PROBLEM REQUIREMENTS
Here is the task for the records below: repeat exactly the lines from the one with "by exists y; [rewrite" to the one with "by apply: le1;", both included, and nothing else.

RECORD SET
╔══
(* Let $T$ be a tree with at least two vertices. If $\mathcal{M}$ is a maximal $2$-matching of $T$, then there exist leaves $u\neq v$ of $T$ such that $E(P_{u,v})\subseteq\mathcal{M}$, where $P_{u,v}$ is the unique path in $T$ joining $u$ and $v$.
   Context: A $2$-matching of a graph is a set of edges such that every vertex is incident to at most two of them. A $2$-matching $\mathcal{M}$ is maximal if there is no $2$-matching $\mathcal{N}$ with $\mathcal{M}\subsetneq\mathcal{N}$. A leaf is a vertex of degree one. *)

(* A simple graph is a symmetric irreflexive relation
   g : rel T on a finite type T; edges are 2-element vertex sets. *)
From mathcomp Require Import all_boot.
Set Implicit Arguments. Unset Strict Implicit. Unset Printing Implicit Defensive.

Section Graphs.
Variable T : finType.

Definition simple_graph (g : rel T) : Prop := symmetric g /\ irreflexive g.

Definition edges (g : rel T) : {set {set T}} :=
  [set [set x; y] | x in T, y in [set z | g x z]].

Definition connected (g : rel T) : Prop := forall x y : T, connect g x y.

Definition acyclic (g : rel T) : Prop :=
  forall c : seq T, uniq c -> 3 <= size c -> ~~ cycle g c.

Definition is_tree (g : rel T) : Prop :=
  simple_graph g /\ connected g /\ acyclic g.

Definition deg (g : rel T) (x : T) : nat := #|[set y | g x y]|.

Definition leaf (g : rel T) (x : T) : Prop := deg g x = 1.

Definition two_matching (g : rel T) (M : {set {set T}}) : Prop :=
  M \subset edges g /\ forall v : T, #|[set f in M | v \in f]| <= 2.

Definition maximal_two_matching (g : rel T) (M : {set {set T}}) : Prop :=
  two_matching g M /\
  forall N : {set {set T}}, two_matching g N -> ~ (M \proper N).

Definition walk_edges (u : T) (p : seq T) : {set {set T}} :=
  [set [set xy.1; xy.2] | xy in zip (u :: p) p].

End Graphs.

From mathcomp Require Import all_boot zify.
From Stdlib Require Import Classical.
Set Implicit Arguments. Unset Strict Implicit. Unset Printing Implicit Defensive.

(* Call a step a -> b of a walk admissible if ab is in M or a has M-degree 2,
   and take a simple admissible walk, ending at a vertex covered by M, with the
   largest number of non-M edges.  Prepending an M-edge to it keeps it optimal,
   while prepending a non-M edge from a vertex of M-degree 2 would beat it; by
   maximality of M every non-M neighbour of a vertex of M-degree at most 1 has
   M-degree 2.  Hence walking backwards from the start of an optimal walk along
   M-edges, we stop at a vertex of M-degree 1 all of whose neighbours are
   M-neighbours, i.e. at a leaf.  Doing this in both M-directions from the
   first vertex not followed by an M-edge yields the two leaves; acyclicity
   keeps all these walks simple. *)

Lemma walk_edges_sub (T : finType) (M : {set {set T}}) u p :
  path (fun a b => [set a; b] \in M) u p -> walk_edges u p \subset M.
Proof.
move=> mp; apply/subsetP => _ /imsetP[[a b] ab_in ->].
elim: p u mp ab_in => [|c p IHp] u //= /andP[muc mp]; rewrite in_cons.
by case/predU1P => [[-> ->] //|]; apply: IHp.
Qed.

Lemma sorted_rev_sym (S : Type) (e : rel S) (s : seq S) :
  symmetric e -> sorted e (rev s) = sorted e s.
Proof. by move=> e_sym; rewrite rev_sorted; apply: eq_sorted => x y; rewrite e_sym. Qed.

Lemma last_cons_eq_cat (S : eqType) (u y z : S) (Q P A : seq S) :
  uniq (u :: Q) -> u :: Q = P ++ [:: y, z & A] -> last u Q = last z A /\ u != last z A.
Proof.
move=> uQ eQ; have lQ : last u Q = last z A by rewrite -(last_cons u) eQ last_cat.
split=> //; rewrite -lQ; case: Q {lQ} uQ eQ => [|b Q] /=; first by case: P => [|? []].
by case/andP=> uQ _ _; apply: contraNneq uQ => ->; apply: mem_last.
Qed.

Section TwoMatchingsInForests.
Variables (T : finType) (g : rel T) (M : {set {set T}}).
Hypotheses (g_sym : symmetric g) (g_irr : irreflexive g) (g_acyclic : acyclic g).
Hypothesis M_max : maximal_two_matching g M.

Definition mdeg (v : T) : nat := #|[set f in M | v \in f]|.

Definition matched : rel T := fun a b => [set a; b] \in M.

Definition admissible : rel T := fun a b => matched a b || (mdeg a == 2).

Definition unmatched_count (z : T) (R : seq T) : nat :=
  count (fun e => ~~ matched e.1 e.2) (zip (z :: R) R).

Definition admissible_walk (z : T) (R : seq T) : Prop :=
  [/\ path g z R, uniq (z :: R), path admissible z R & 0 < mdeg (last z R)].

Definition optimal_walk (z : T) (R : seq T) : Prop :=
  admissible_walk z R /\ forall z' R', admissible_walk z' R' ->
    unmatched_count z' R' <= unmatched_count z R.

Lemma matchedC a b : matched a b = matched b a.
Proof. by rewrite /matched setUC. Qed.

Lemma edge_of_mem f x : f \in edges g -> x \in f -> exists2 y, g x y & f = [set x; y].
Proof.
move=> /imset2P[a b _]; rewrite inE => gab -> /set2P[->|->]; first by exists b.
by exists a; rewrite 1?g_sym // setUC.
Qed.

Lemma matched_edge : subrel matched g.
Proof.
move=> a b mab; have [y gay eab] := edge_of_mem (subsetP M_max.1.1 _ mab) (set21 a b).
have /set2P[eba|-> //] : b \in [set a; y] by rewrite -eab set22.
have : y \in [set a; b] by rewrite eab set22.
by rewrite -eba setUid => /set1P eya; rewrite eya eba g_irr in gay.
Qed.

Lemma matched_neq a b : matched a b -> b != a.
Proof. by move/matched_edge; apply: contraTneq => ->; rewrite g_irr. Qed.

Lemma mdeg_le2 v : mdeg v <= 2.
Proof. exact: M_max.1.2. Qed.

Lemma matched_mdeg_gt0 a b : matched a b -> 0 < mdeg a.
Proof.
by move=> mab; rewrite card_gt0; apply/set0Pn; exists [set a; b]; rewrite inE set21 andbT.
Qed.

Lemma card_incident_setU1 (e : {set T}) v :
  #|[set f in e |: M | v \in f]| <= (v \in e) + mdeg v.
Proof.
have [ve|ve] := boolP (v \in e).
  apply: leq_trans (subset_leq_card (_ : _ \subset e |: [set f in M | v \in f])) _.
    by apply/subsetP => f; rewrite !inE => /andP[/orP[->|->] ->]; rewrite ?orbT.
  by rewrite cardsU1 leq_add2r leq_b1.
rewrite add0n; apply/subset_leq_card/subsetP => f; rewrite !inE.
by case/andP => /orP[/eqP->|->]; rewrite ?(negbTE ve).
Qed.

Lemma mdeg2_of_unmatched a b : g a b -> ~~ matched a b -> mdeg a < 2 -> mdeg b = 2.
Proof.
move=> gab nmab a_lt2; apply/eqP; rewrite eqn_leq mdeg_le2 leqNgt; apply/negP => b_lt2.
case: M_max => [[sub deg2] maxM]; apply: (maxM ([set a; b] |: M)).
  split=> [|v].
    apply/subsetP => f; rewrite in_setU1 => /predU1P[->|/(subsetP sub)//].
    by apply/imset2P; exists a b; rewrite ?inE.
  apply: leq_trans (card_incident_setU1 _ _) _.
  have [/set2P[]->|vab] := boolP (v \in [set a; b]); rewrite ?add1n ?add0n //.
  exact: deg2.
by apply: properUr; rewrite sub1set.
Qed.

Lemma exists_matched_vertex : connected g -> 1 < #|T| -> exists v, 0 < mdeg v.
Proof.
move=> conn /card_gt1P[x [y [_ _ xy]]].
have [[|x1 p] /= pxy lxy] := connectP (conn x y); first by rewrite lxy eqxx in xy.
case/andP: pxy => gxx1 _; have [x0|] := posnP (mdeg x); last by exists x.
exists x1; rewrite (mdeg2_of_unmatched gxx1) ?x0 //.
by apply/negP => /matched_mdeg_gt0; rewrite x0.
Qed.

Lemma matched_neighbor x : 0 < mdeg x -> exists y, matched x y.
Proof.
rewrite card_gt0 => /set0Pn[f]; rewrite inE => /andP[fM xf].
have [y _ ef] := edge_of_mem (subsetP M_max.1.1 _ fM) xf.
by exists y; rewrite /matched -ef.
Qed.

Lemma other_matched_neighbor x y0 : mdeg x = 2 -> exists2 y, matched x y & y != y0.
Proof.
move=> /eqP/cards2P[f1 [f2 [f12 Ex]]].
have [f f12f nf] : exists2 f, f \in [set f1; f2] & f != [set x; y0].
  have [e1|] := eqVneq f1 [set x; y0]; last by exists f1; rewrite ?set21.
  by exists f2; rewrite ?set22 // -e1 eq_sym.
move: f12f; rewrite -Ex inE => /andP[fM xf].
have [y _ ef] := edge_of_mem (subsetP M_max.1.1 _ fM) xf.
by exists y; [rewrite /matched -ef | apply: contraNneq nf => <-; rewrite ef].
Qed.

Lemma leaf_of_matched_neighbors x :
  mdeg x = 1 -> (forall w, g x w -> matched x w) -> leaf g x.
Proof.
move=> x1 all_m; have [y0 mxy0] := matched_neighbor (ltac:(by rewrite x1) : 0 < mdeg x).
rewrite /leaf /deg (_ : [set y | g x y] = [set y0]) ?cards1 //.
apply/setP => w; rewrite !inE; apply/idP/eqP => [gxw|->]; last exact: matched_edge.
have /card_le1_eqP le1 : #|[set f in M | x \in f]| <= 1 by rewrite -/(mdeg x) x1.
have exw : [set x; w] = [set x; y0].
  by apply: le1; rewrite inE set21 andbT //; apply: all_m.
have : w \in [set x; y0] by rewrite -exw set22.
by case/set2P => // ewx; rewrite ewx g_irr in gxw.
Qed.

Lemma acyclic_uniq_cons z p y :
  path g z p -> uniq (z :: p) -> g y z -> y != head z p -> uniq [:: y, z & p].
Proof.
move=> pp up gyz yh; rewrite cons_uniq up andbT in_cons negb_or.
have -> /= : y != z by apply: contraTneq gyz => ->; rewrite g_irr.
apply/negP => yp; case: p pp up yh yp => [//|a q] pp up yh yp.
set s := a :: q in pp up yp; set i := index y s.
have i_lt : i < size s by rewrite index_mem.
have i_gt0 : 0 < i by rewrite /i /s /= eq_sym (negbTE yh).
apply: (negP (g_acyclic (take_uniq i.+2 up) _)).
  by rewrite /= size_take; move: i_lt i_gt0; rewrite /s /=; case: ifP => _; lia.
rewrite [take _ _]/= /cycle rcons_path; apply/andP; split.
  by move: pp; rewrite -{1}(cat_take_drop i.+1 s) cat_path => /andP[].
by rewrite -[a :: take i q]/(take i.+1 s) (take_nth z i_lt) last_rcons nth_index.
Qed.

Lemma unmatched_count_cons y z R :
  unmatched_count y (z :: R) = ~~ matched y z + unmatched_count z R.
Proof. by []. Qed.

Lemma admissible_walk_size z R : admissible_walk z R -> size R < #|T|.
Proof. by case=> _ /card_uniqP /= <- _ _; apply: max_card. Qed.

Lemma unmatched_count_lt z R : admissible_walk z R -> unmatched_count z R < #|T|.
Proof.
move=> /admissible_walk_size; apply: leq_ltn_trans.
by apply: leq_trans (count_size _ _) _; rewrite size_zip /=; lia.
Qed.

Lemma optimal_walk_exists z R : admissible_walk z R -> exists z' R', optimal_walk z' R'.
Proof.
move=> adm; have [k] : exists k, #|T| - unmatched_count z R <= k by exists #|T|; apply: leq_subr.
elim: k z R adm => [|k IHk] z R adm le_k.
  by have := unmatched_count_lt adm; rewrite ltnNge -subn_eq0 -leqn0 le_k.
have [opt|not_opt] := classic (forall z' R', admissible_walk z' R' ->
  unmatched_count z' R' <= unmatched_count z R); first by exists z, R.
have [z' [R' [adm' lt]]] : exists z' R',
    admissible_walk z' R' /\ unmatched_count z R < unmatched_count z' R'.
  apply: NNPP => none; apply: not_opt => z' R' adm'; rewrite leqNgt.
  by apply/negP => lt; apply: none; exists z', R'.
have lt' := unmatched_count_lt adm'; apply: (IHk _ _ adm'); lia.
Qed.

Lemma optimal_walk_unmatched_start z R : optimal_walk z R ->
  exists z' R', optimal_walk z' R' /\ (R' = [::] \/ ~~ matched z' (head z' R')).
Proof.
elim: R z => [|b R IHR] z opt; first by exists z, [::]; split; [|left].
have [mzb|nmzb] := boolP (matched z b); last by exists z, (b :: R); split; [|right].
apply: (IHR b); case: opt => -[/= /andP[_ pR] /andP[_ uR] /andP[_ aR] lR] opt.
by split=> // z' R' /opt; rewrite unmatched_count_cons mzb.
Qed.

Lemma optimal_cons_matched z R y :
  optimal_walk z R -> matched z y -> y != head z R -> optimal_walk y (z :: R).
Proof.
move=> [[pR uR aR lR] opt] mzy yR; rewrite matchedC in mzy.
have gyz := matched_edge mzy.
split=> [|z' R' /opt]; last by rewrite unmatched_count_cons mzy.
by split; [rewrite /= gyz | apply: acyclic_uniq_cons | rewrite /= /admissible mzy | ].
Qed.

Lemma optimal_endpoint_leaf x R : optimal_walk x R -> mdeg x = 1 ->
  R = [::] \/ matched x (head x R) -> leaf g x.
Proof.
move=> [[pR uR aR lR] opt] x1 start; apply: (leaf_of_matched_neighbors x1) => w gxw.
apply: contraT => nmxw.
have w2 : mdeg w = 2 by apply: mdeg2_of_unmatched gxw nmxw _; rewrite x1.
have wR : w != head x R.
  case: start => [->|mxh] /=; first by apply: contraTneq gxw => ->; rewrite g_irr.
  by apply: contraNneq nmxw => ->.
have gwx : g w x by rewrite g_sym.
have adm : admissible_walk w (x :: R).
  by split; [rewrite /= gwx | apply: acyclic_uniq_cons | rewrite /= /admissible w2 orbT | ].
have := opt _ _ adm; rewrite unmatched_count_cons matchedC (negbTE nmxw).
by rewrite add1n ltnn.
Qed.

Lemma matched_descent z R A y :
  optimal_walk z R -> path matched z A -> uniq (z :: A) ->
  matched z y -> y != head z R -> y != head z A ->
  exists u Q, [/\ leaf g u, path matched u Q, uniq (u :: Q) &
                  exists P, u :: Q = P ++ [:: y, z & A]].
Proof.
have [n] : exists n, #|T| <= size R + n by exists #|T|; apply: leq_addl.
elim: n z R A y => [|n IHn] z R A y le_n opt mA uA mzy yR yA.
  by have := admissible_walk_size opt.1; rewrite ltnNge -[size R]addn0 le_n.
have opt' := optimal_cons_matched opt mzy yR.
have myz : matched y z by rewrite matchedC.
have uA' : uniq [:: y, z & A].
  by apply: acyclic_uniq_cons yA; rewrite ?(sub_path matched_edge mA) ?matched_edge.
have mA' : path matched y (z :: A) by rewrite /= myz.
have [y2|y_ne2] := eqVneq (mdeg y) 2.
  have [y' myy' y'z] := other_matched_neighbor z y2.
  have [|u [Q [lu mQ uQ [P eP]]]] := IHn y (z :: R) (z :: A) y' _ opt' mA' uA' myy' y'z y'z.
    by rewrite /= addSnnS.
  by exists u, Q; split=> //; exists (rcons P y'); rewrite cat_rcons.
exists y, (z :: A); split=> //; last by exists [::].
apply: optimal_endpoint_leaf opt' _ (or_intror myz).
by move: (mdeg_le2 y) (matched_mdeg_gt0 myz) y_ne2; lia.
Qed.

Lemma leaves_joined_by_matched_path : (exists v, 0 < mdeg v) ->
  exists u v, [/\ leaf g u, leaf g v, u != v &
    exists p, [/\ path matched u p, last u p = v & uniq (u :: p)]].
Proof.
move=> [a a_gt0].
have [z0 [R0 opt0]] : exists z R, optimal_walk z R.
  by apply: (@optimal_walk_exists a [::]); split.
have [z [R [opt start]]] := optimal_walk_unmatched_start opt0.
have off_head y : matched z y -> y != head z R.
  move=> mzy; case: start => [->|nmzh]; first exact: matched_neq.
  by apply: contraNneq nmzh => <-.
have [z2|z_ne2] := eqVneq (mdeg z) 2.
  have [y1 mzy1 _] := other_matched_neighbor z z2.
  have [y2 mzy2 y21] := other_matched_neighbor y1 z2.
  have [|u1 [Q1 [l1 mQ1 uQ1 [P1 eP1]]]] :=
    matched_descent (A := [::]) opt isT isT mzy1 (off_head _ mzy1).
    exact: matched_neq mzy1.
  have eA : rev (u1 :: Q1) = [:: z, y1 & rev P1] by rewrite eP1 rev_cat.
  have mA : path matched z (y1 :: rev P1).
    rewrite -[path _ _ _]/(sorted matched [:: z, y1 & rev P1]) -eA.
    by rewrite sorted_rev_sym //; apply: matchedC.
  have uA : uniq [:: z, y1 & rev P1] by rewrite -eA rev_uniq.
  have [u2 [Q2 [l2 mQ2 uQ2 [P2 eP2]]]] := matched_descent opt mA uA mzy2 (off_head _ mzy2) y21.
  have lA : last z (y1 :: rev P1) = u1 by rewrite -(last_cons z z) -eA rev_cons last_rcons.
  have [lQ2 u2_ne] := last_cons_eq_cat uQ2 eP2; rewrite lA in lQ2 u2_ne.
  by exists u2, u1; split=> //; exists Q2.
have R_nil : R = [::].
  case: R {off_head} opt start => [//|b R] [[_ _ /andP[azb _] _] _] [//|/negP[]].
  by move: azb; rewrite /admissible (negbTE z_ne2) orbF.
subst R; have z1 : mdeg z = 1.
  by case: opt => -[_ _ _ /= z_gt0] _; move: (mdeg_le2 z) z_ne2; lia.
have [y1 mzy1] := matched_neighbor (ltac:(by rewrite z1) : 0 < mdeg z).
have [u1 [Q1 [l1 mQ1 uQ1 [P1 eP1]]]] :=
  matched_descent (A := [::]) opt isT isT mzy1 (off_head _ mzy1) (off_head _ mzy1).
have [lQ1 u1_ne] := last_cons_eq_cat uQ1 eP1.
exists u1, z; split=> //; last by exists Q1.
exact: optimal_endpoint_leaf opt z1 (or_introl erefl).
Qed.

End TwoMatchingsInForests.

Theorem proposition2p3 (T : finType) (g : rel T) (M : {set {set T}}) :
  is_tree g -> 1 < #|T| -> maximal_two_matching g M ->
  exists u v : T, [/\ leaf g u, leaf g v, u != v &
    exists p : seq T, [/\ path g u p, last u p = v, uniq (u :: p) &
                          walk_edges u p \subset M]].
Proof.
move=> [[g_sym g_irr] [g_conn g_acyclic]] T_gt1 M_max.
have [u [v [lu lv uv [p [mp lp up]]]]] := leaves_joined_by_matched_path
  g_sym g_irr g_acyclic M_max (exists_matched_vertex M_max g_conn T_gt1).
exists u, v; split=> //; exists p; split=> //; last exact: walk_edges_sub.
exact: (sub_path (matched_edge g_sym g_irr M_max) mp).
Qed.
╚══
ANSWER TO THE EXERCISE
by exists y; [rewrite /matched -ef | apply: contraNneq nf => <-; rewrite ef].
Qed.

Lemma leaf_of_matched_neighbors x :
  mdeg x = 1 -> (forall w, g x w -> matched x w) -> leaf g x.
Proof.
move=> x1 all_m; have [y0 mxy0] := matched_neighbor (ltac:(by rewrite x1) : 0 < mdeg x).
rewrite /leaf /deg (_ : [set y | g x y] = [set y0]) ?cards1 //.
apply/setP => w; rewrite !inE; apply/idP/eqP => [gxw|->]; last exact: matched_edge.
have /card_le1_eqP le1 : #|[set f in M | x \in f]| <= 1 by rewrite -/(mdeg x) x1.
have exw : [set x; w] = [set x; y0].
  by apply: le1; rewrite inE set21 andbT //; apply: all_m.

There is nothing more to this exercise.